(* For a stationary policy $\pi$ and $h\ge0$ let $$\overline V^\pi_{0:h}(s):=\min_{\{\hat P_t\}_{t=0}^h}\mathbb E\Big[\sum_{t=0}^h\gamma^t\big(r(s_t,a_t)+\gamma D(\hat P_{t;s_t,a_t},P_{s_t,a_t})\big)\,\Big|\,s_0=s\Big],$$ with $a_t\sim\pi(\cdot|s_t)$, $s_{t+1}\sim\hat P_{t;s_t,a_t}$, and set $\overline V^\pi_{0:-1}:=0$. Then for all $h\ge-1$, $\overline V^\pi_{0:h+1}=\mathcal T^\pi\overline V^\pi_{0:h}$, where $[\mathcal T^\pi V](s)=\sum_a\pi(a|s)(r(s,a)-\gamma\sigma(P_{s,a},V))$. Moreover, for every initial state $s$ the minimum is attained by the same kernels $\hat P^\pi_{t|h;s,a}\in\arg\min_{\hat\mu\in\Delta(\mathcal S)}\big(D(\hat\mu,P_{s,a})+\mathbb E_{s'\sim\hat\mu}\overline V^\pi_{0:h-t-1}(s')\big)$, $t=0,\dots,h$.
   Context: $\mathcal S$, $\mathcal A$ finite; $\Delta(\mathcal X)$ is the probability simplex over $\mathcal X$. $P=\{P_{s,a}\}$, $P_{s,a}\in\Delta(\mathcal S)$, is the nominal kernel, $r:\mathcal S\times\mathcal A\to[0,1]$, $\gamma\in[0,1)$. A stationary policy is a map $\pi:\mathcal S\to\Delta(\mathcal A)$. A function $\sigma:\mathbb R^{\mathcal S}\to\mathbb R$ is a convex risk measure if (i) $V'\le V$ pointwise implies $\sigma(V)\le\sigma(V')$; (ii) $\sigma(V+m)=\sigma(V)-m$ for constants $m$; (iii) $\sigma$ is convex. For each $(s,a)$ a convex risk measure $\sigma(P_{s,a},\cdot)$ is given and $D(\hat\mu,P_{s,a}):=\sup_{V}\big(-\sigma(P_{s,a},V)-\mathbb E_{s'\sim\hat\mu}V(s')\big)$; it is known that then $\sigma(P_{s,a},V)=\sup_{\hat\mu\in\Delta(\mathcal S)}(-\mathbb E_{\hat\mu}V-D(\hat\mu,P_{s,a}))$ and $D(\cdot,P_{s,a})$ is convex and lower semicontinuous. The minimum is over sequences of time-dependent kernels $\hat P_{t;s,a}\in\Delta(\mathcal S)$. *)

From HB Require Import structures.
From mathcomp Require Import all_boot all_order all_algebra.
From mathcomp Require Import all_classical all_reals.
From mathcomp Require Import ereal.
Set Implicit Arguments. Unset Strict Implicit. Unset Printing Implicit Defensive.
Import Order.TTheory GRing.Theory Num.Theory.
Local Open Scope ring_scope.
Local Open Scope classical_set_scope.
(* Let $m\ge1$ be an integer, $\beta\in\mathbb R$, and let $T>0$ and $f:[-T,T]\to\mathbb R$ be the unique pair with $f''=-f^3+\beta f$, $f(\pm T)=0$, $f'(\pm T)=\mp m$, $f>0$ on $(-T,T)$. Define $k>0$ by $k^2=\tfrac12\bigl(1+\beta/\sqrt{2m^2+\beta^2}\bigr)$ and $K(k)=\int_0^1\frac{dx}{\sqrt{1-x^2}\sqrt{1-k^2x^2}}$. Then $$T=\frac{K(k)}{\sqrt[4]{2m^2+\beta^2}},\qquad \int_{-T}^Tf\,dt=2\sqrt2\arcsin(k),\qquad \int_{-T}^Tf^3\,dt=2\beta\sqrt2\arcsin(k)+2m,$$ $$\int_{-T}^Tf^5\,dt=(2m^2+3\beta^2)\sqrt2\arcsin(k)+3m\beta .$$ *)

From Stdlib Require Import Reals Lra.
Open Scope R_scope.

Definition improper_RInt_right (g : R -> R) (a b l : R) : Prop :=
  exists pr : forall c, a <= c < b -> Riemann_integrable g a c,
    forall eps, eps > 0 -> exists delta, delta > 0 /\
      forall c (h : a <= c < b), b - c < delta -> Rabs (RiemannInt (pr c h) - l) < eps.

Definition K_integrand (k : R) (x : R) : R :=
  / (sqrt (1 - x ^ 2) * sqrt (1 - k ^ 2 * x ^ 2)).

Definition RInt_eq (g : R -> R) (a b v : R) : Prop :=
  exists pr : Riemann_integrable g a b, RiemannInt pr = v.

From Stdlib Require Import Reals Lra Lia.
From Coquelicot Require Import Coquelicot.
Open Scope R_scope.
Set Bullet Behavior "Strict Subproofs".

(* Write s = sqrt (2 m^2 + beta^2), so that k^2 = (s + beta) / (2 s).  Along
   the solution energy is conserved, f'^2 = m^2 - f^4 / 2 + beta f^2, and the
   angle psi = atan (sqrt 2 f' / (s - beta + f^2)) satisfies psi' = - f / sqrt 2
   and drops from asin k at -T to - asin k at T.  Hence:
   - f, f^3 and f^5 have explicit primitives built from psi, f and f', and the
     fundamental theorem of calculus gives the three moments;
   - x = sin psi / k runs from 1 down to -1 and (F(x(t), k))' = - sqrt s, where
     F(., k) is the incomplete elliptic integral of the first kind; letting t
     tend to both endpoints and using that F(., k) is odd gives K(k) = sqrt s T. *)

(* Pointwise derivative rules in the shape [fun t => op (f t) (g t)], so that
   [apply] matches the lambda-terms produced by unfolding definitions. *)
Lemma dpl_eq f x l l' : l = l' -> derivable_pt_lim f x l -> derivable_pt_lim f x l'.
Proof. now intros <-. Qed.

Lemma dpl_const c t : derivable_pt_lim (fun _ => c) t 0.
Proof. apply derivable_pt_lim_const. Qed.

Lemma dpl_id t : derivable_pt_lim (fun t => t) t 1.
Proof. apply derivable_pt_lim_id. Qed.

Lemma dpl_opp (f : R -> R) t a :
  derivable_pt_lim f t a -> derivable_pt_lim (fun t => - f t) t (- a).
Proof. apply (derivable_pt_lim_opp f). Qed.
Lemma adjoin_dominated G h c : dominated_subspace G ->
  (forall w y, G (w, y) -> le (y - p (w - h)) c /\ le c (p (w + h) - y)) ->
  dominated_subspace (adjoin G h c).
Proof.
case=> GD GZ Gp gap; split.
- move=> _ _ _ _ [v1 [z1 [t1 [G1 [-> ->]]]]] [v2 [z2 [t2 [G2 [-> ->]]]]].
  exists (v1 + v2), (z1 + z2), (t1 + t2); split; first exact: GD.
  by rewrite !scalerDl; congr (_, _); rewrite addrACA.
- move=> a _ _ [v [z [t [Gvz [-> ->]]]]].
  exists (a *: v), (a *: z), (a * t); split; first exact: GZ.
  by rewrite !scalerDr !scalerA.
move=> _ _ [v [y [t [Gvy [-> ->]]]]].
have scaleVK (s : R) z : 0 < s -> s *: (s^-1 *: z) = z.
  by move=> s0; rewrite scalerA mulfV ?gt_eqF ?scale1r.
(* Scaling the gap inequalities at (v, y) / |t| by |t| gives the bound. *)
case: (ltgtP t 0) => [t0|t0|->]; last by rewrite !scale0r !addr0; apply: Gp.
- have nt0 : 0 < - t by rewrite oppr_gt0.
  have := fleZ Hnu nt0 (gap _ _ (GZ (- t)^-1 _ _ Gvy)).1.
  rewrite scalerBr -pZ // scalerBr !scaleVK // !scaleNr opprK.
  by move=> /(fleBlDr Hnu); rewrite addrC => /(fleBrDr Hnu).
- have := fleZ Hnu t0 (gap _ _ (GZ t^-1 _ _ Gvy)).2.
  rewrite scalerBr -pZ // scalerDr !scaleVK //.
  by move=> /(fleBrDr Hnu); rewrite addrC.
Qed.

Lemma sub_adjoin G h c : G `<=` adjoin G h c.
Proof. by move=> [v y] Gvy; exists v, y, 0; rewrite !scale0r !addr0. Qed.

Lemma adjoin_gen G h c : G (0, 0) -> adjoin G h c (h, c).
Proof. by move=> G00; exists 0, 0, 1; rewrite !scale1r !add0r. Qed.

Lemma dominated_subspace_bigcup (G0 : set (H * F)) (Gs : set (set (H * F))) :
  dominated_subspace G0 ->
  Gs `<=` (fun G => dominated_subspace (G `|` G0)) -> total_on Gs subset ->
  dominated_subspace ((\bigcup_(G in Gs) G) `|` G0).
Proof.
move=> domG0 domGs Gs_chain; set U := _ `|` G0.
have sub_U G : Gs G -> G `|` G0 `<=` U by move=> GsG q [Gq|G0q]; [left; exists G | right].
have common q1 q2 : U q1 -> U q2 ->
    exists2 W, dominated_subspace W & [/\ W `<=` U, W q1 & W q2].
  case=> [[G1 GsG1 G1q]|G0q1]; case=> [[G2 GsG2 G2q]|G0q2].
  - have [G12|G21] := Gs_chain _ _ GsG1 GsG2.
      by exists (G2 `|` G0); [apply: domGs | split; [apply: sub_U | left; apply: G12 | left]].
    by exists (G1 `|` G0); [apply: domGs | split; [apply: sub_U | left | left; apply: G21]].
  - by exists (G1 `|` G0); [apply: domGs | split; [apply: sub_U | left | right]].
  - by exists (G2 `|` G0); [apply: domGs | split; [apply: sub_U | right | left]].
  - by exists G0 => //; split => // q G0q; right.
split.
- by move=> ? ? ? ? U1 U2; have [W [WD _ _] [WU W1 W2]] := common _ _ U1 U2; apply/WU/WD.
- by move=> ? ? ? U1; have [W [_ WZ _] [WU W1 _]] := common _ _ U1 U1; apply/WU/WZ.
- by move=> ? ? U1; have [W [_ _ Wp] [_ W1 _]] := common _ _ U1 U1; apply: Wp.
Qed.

□ □ □

*AIM OF THE EXERCISE*:
Please go over the data above and copy each line with "Scope" in it.

*FINISHED TASK*:
Local Open Scope ring_scope.
Local Open Scope classical_set_scope.
Open Scope R_scope.
Open Scope R_scope.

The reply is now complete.